LGMLFeb 19, 2021

Learning to Stop with Surprisingly Few Samples

arXiv:2102.10025v2
AI Analysis

This addresses the problem of optimal stopping under uncertainty for decision-makers, offering an incremental improvement by reducing exploration requirements compared to common wisdom.

The paper tackles the discounted infinite horizon optimal stopping problem when the underlying distribution is unknown, showing that an explore-then-exploit approach with proper tuning achieves performance comparable to the full information dynamic programming solution, requiring only a logarithmic exploration horizon in the horizon length or even a single sample for heavy-tailed distributions.

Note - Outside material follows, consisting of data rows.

(* Let $\mathcal A$ be a transitive Lie algebroid over $M$ with kernel $\mathcal L$. For every triple $(g,h,\nabla)$ where $g$ is a (possibly degenerate) metric on $M$, $h$ is a non-degenerate inner metric on $\mathcal L$ and $\nabla$ is an ordinary connection on $\mathcal A$ with connection 1-form $\omega$, the formula $$\widehat g(X,Y)=g(\rho(X),\rho(Y))+h(\omega(X),\omega(Y)),\qquad X,Y\in\mathcal A,$$ defines an inner non-degenerate metric on $\mathcal A$; and every inner non-degenerate metric $\widehat g$ on $\mathcal A$ arises in this way from exactly one such triple (so that inner non-degenerate metrics on $\mathcal A$ are equivalent to such triples).
   Context: A transitive Lie algebroid over $M$ is a finitely generated projective $C^\infty(M)$-module $\mathcal A$ with Lie bracket and surjective $C^\infty(M)$-linear Lie morphism $\rho:\mathcal A\to\Gamma(TM)$ with $[X,fY]=f[X,Y]+(\rho(X)f)Y$; its kernel $\mathcal L=\ker\rho=\Gamma(\mathbb L)$ for a locally trivial Lie algebra bundle $\mathbb L$; $\iota:\mathcal L\to\mathcal A$ is the inclusion. An inner metric on $\mathcal L$ is a metric $h$ on the vector bundle $\mathbb L$ (a symmetric $C^\infty(M)$-bilinear map $\mathcal L\otimes\mathcal L\to C^\infty(M)$). A metric on $\mathcal A$ is a symmetric $C^\infty(M)$-bilinear map $\widehat g:\mathcal A\otimes\mathcal A\to C^\infty(M)$; it is inner non-degenerate if $\iota^*\widehat g$, $(\gamma,\eta)\mapsto\widehat g(\iota\gamma,\iota\eta)$, is non-degenerate on $\mathbb L$. An ordinary connection is a $C^\infty(M)$-linear $\nabla:\Gamma(TM)\to\mathcal A$ with $\rho\circ\nabla=\mathrm{id}$; its connection 1-form $\omega:\mathcal A\to\mathcal L$ is defined by $X=\nabla_{\rho(X)}-\iota(\omega(X))$. *)

From HB Require Import structures.
From mathcomp Require Import all_boot all_algebra.
Set Implicit Arguments. Unset Strict Implicit. Unset Printing Implicit Defensive.
Import GRing.Theory.
Local Open Scope ring_scope.

Section Defs.
Variable R : comNzRingType.

Definition Rlinear (U V : lmodType R) (f : U -> V) : Prop :=
  forall a x y, f (a *: x + y) = a *: f x + f y.

Definition Rform (V : lmodType R) (f : V -> R) : Prop :=
  forall a x y, f (a *: x + y) = a * f x + f y.

Definition is_metric (V : lmodType R) (b : V -> V -> R) : Prop :=
  (forall x, Rform (b x)) /\ (forall x y, b x y = b y x).

(* non-degenerate: the musical map V -> Hom_R(V,R), x |-> b x, is bijective
   (for f.g. projective modules over C^oo(M) this is fiberwise non-degeneracy) *)
Definition nondeg_form (V : lmodType R) (b : V -> V -> R) : Prop :=
  (forall x, (forall y, b x y = 0) -> x = 0) /\
  (forall phi : V -> R, Rform phi -> exists x, forall y, b x y = phi y).

Definition fg_projective (V : lmodType R) : Prop :=
  exists n (p : V -> 'rV[R]_n) (s : 'rV[R]_n -> V),
    [/\ Rlinear p, Rlinear s & cancel p s].

Definition derivation (d : R -> R) : Prop :=
  (forall f g, d (f + g) = d f + d g) /\ (forall f g, d (f * g) = d f * g + f * d g).

(* Gamma(TM): module of vector fields acting faithfully on R by derivations,
   with the commutator bracket *)
Definition vector_fields (TM : lmodType R) (act : TM -> R -> R)
    (brT : TM -> TM -> TM) : Prop :=
  [/\ forall X, derivation (act X),
      forall a X Y f, act (a *: X + Y) f = a * act X f + act Y f,
      forall X Y, (forall f, act X f = act Y f) -> X = Y &
      forall X Y f, act (brT X Y) f = act X (act Y f) - act Y (act X f)].

Definition transitive_Lie_algebroid (TM : lmodType R) (act : TM -> R -> R)
    (brT : TM -> TM -> TM) (A : lmodType R) (brA : A -> A -> A)
    (rho : A -> TM) : Prop :=
  [/\ fg_projective A,
      (forall x y z, brA (x + y) z = brA x z + brA y z)
      /\ (forall x, brA x x = 0)
      /\ (forall x y z, brA x (brA y z) + brA y (brA z x) + brA z (brA x y) = 0),
      Rlinear rho /\ (forall X, exists x, rho x = X),
      forall x y, rho (brA x y) = brT (rho x) (rho y) &
      forall x f y, brA x (f *: y) = f *: brA x y + act (rho x) f *: y].

Definition kernel_inclusion (TM A L : lmodType R) (rho : A -> TM)
    (iota : L -> A) : Prop :=
  [/\ Rlinear iota, injective iota &
      forall x, rho x = 0 <-> exists l, iota l = x].

Definition ordinary_connection (TM A : lmodType R) (rho : A -> TM)
    (nabla : TM -> A) : Prop :=
  Rlinear nabla /\ forall X, rho (nabla X) = X.

Definition connection_form (TM A L : lmodType R) (rho : A -> TM)
    (iota : L -> A) (nabla : TM -> A) (omega : A -> L) : Prop :=
  forall x, x = nabla (rho x) - iota (omega x).

Definition inner_part (A L : lmodType R) (iota : L -> A) (ghat : A -> A -> R) :
  L -> L -> R := fun l m => ghat (iota l) (iota m).

Definition inner_nondegenerate (A L : lmodType R) (iota : L -> A)
    (ghat : A -> A -> R) : Prop :=
  nondeg_form (inner_part iota ghat).

Definition induced_metric (TM A L : lmodType R) (rho : A -> TM)
    (g : TM -> TM -> R) (h : L -> L -> R) (omega : A -> L) : A -> A -> R :=
  fun x y => g (rho x) (rho y) + h (omega x) (omega y).

End Defs.

From HB Require Import structures.
From mathcomp Require Import all_boot all_algebra.
From Stdlib Require Import FunctionalExtensionality ClassicalEpsilon.
Local Open Scope ring_scope.
Import GRing.Theory.
Set Implicit Arguments. Unset Strict Implicit.

(* Inner non-degeneracy makes A the direct sum of L and its ghat-orthogonal
   complement, so every vector field X has a unique lift orthogonal to L;
   these lifts form the ordinary connection attached to ghat, and ghat splits
   as its restriction to the horizontal part plus its restriction to L.
   Conversely, for the metric built from (g, h, nabla) the lifts nabla X are
   orthogonal to L and the restriction to L is h, which forces uniqueness. *)

Section Bilinear.
Variable R : comNzRingType.
Implicit Types U V : lmodType R.

Lemma Rlinear_add U V (f : U -> V) : Rlinear f -> {morph f : x y / x + y}.
Proof. by move=> Hf x y; have := Hf 1 x y; rewrite !scale1r. Qed.

Lemma Rlinear_sub U V (f : U -> V) : Rlinear f -> {morph f : x y / x - y}.
Proof. by move=> Hf x y; apply: (addIr (f y)); rewrite -Rlinear_add // !subrK. Qed.

Lemma Rlinear0 U V (f : U -> V) : Rlinear f -> f 0 = 0.
Proof. by move=> Hf; rewrite -(subrr 0) Rlinear_sub // subrr. Qed.

Lemma metric_linearl V (b : V -> V -> R) : is_metric b -> forall y, Rform (b^~ y).
Proof. by move=> [Hb Hs] y a x z; rewrite !(Hs _ y) Hb. Qed.

Section MetricArith.
Variables (V : lmodType R) (b : V -> V -> R).
Hypothesis b_metric : is_metric b.

(* a linear form on V is an R-linear map into the regular module R^o *)
Let linl y : @Rlinear R V R^o (b^~ y) := metric_linearl b_metric y.
Let linr x : @Rlinear R V R^o (b x) := b_metric.1 x.

Lemma metric0l y : b 0 y = 0.
Proof. exact: Rlinear0 (linl y). Qed.

Lemma metric0r x : b x 0 = 0.
Proof. exact: Rlinear0 (linr x). Qed.

Lemma metricBl x y z : b (x - y) z = b x z - b y z.
Proof. exact: (Rlinear_sub (linl z) x y). Qed.

Lemma metricBr x y z : b x (y - z) = b x y - b x z.
Proof. exact: (Rlinear_sub (linr x) y z). Qed.

Lemma metricNl x y : b (- x) y = - b x y.
Proof. by rewrite -sub0r metricBl metric0l sub0r. Qed.

End MetricArith.

Definition pullback_form U V (f : U -> V) (b : V -> V -> R) : U -> U -> R :=
  fun u v => b (f u) (f v).

Lemma pullback_metric U V (f : U -> V) (b : V -> V -> R) :
  Rlinear f -> is_metric b -> is_metric (pullback_form f b).
Proof.
move=> Hf [Hb Hs]; split=> [u a v w|u v]; last exact: Hs.
by rewrite /pullback_form Hf Hb.
Qed.

End Bilinear.

Section LieAlgebroidMetrics.
Variables (R : comNzRingType) (TM A L : lmodType R).
Variables (rho : A -> TM) (iota : L -> A).
Hypotheses (rho_linear : Rlinear rho) (iota_linear : Rlinear iota)
  (iota_inj : injective iota) (ker_rho : forall x, rho x = 0 <-> exists l, iota l = x).

Lemma rho_iota l : rho (iota l) = 0.
Proof. by apply/ker_rho; exists l. Qed.

Definition horizontal (ghat : A -> A -> R) (nabla : TM -> A) : Prop :=
  forall X l, ghat (nabla X) (iota l) = 0.

Section ConnectionForm.
Variables (nabla : TM -> A) (omega : A -> L).
Hypotheses (nabla_conn : ordinary_connection rho nabla)
  (omega_form : connection_form rho iota nabla omega).

Lemma iota_connection_form x : iota (omega x) = nabla (rho x) - x.
Proof. by rewrite {3}(omega_form x) opprB addrC subrK. Qed.

Lemma connection_form_linear : Rlinear omega.
Proof.
case: nabla_conn => nabla_linear _ a x y; apply: iota_inj.
by rewrite iota_linear !iota_connection_form rho_linear nabla_linear scalerBr
  opprD addrACA.
Qed.

Lemma connection_form_iota l : omega (iota l) = - l.
Proof.
case: nabla_conn => nabla_linear _; apply: iota_inj.
by rewrite iota_connection_form rho_iota (Rlinear0 nabla_linear) -[- l]sub0r
  Rlinear_sub // Rlinear0.
Qed.

Lemma connection_form_nabla X : omega (nabla X) = 0.
Proof.
case: nabla_conn => _ rho_nabla; apply: iota_inj.
by rewrite iota_connection_form rho_nabla subrr Rlinear0.
Qed.

Variables (g : TM -> TM -> R) (h : L -> L -> R).
Hypotheses (g_metric : is_metric g) (h_metric : is_metric h).
Let ghat := induced_metric rho g h omega.

Lemma induced_metric_is_metric : is_metric ghat.
Proof.
case: g_metric h_metric => [Hg g_sym] [Hh h_sym].
split=> [x a y z|x y]; last by rewrite /ghat /induced_metric g_sym h_sym.
rewrite /ghat /induced_metric rho_linear connection_form_linear Hg Hh.
by rewrite mulrDr addrACA.
Qed.

Lemma inner_part_induced_metric : inner_part iota ghat = h.
Proof.
apply: functional_extensionality => l; apply: functional_extensionality => m.
have h_sym := h_metric.2.
rewrite /inner_part /ghat /induced_metric !rho_iota !connection_form_iota.
by rewrite metric0r // add0r !metricNl // h_sym metricNl // opprK h_sym.
Qed.

Lemma nabla_horizontal_induced : horizontal ghat nabla.
Proof.
move=> X l; rewrite /ghat /induced_metric rho_iota connection_form_nabla.
by rewrite metric0r // metric0l // addr0.
Qed.

Lemma pullback_induced_metric : pullback_form nabla ghat = g.
Proof.
apply: functional_extensionality => X; apply: functional_extensionality => Y.
rewrite /pullback_form /ghat /induced_metric !nabla_conn.2 !connection_form_nabla.
by rewrite metric0r // addr0.
Qed.

End ConnectionForm.

Lemma connection_form_exists nabla :
  ordinary_connection rho nabla -> exists omega, connection_form rho iota nabla omega.
Proof.
move=> [_ rho_nabla].
have [omega Homega] : exists omega : A -> L, forall x, iota (omega x) = nabla (rho x) - x.
  apply: (choice (fun x l => iota l = nabla (rho x) - x)) => x.
  by apply/ker_rho; rewrite Rlinear_sub // rho_nabla subrr.
by exists omega => x; rewrite Homega opprB addrC subrK.
Qed.

Section HorizontalLift.
Variable ghat : A -> A -> R.
Hypotheses (ghat_metric : is_metric ghat)
  (ghat_inner : inner_nondegenerate iota ghat).

Lemma horizontal_lift_unique x y : rho x = rho y ->
  (forall l, ghat x (iota l) = 0) -> (forall l, ghat y (iota l) = 0) -> x = y.
Proof.
move=> rho_xy Hx Hy.
have [k Hk] : exists k, iota k = x - y.
  by apply/ker_rho; rewrite Rlinear_sub // rho_xy subrr.
have k0 : k = 0.
  apply: ghat_inner.1 => m.
  by rewrite /inner_part Hk metricBl // Hx Hy subrr.
by apply/eqP; rewrite -subr_eq0 -Hk k0 Rlinear0.
Qed.

Lemma horizontal_lift_exists X : (exists x, rho x = X) ->
  exists x, rho x = X /\ forall l, ghat x (iota l) = 0.
Proof.
move=> [x rho_x]; have [Hghat _] := ghat_metric.
have [l0 Hl0] : exists l0, forall m, inner_part iota ghat l0 m = ghat x (iota m).
  by apply: ghat_inner.2 => a m k; rewrite iota_linear Hghat.
exists (x - iota l0); split; first by rewrite Rlinear_sub // rho_iota subr0.
by move=> l; rewrite metricBl // -Hl0 subrr.
Qed.

Lemma horizontal_connection_unique nabla1 nabla2 :
  ordinary_connection rho nabla1 -> ordinary_connection rho nabla2 ->
  horizontal ghat nabla1 -> horizontal ghat nabla2 -> nabla1 = nabla2.
Proof.
move=> [_ rho1] [_ rho2] hor1 hor2; apply: functional_extensionality => X.
by apply: horizontal_lift_unique; rewrite ?rho1 ?rho2.
Qed.

Lemma horizontal_connection_exists : (forall X, exists x, rho x = X) ->
  exists nabla, ordinary_connection rho nabla /\ horizontal ghat nabla.
Proof.
move=> rho_onto.
have [nabla Hnabla] := choice _ (fun X => horizontal_lift_exists (rho_onto X)).
have rho_nabla X : rho (nabla X) = X by case: (Hnabla X).
have hor : horizontal ghat nabla by move=> X; case: (Hnabla X).
exists nabla; split=> //; split=> // a X Y.
apply: horizontal_lift_unique => [|l|l].
- by rewrite rho_linear !rho_nabla.
- exact: hor.
- by rewrite (metric_linearl ghat_metric _) !hor mulr0 addr0.
Qed.

Lemma metric_decomposition nabla omega : horizontal ghat nabla ->
  connection_form rho iota nabla omega ->
  ghat = induced_metric rho (pullback_form nabla ghat) (inner_part iota ghat) omega.
Proof.
move=> hor omega_form.
apply: functional_extensionality => x; apply: functional_extensionality => y.
rewrite {1}(omega_form x) {1}(omega_form y) /induced_metric /pullback_form /inner_part.
rewrite metricBr // !metricBl // [ghat (iota _) _]ghat_metric.2 !hor.
by rewrite subr0 sub0r opprK.
Qed.

End HorizontalLift.
End LieAlgebroidMetrics.

Theorem proposition2p7 (R : comNzRingType) (TM : lmodType R)
    (act : TM -> R -> R) (brT : TM -> TM -> TM)
    (A : lmodType R) (brA : A -> A -> A) (rho : A -> TM)
    (L : lmodType R) (iota : L -> A) :
  vector_fields act brT ->
  transitive_Lie_algebroid act brT brA rho ->
  kernel_inclusion rho iota ->
  (forall (g : TM -> TM -> R) (h : L -> L -> R) (nabla : TM -> A) (omega : A -> L),
      is_metric g -> is_metric h -> nondeg_form h ->
      ordinary_connection rho nabla -> connection_form rho iota nabla omega ->
      is_metric (induced_metric rho g h omega) /\
      inner_nondegenerate iota (induced_metric rho g h omega)) /\
  (forall ghat : A -> A -> R,
      is_metric ghat -> inner_nondegenerate iota ghat ->
      exists! t : (TM -> TM -> R) * (L -> L -> R) * (TM -> A),
        let: (g, h, nabla) := t in
        [/\ is_metric g, is_metric h, nondeg_form h,
            ordinary_connection rho nabla &
            exists omega : A -> L, connection_form rho iota nabla omega /\
              ghat = induced_metric rho g h omega]).
Proof.
move=> _ [_ _ [rho_linear rho_onto] _ _] [iota_linear iota_inj ker_rho]; split.
  move=> g h nabla omega g_metric h_metric h_nondeg nabla_conn omega_form.
  split; first exact: (induced_metric_is_metric rho_linear iota_linear iota_inj
    nabla_conn omega_form g_metric h_metric).
  by rewrite /inner_nondegenerate (inner_part_induced_metric iota_linear iota_inj
    ker_rho nabla_conn omega_form g_metric h_metric).
move=> ghat ghat_metric ghat_inner.
have [nabla [nabla_conn nabla_hor]] := horizontal_connection_exists rho_linear
  iota_linear ker_rho ghat_metric ghat_inner rho_onto.
have [omega omega_form] := connection_form_exists rho_linear ker_rho nabla_conn.
exists (pullback_form nabla ghat, inner_part iota ghat, nabla); split.
  split=> //.
  - exact: (pullback_metric nabla_conn.1 ghat_metric).
  - exact: (pullback_metric iota_linear ghat_metric).
  - by exists omega; split; last exact: metric_decomposition.
move=> [[g h] nabla'] [g_metric h_metric _ nabla'_conn [omega' [omega'_form ghat_eq]]].
have -> : nabla = nabla'.
  apply: (horizontal_connection_unique rho_linear iota_linear ker_rho ghat_metric
    ghat_inner nabla_conn nabla'_conn) => //.
  rewrite ghat_eq; exact: (nabla_horizontal_induced iota_linear iota_inj ker_rho
    nabla'_conn omega'_form g_metric h_metric).
by rewrite ghat_eq (pullback_induced_metric iota_linear iota_inj nabla'_conn omega'_form)
  // (inner_part_induced_metric iota_linear iota_inj ker_rho nabla'_conn omega'_form).
Qed.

We consider a discounted infinite horizon optimal stopping problem. If the underlying distribution is known a priori, the solution of this problem is obtained via dynamic programming (DP) and is given by a well known threshold rule. When information on this distribution is lacking, a natural (though naive) approach is "explore-then-exploit," whereby the unknown distribution or its parameters are estimated over an initial exploration phase, and this estimate is then used in the DP to determine actions over the residual exploitation phase. We show: (i) with proper tuning, this approach leads to performance comparable to the full information DP solution; and (ii) despite common wisdom on the sensitivity of such "plug in" approaches in DP due to propagation of estimation errors, a surprisingly "short" (logarithmic in the horizon) exploration horizon suffices to obtain said performance. In cases where the underlying distribution is heavy-tailed, these observations are even more pronounced: a ${\it single \, sample}$ exploration phase suffices.